**TASK INPUT:**
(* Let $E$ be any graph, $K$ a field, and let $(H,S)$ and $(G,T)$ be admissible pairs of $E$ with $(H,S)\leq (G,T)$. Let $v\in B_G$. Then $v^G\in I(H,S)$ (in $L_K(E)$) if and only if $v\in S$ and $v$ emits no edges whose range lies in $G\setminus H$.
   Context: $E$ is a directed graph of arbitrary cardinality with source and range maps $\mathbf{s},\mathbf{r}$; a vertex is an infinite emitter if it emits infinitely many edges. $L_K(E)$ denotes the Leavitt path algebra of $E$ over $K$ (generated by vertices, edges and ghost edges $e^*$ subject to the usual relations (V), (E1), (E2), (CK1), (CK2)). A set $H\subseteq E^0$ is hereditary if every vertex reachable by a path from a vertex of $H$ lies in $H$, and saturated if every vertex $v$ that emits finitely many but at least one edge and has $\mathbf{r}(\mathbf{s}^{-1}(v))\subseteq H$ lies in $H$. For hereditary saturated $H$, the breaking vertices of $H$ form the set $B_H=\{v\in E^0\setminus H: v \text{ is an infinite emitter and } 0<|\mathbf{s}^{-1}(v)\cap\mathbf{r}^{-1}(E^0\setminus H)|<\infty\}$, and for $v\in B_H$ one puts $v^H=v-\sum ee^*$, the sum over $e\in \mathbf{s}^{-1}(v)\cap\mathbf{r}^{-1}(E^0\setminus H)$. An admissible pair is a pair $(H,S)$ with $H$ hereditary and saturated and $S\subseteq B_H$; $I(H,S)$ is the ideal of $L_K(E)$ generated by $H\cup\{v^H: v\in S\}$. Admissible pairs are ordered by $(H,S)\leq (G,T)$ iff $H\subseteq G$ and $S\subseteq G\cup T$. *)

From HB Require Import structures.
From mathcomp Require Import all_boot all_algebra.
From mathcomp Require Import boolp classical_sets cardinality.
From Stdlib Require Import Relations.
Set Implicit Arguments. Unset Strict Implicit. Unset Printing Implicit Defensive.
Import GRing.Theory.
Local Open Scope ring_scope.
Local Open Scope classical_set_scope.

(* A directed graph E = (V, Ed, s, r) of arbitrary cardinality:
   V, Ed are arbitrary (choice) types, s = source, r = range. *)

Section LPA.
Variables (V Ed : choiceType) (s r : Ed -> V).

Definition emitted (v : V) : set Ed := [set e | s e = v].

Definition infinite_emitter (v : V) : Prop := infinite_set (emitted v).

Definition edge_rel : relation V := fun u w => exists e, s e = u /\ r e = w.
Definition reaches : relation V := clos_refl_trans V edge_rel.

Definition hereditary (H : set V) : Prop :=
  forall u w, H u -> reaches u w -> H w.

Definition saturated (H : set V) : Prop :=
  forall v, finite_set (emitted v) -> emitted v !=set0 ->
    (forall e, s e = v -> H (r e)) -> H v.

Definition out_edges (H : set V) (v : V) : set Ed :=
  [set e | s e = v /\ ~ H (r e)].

**WORK TASK:**
Could you write out exactly the lines above, starting at the first one and ending with the line that has "From HB Require Import structures."?

**TASK OUTPUT:**
(* Let $E$ be any graph, $K$ a field, and let $(H,S)$ and $(G,T)$ be admissible pairs of $E$ with $(H,S)\leq (G,T)$. Let $v\in B_G$. Then $v^G\in I(H,S)$ (in $L_K(E)$) if and only if $v\in S$ and $v$ emits no edges whose range lies in $G\setminus H$.
   Context: $E$ is a directed graph of arbitrary cardinality with source and range maps $\mathbf{s},\mathbf{r}$; a vertex is an infinite emitter if it emits infinitely many edges. $L_K(E)$ denotes the Leavitt path algebra of $E$ over $K$ (generated by vertices, edges and ghost edges $e^*$ subject to the usual relations (V), (E1), (E2), (CK1), (CK2)). A set $H\subseteq E^0$ is hereditary if every vertex reachable by a path from a vertex of $H$ lies in $H$, and saturated if every vertex $v$ that emits finitely many but at least one edge and has $\mathbf{r}(\mathbf{s}^{-1}(v))\subseteq H$ lies in $H$. For hereditary saturated $H$, the breaking vertices of $H$ form the set $B_H=\{v\in E^0\setminus H: v \text{ is an infinite emitter and } 0<|\mathbf{s}^{-1}(v)\cap\mathbf{r}^{-1}(E^0\setminus H)|<\infty\}$, and for $v\in B_H$ one puts $v^H=v-\sum ee^*$, the sum over $e\in \mathbf{s}^{-1}(v)\cap\mathbf{r}^{-1}(E^0\setminus H)$. An admissible pair is a pair $(H,S)$ with $H$ hereditary and saturated and $S\subseteq B_H$; $I(H,S)$ is the ideal of $L_K(E)$ generated by $H\cup\{v^H: v\in S\}$. Admissible pairs are ordered by $(H,S)\leq (G,T)$ iff $H\subseteq G$ and $S\subseteq G\cup T$. *)

From HB Require Import structures.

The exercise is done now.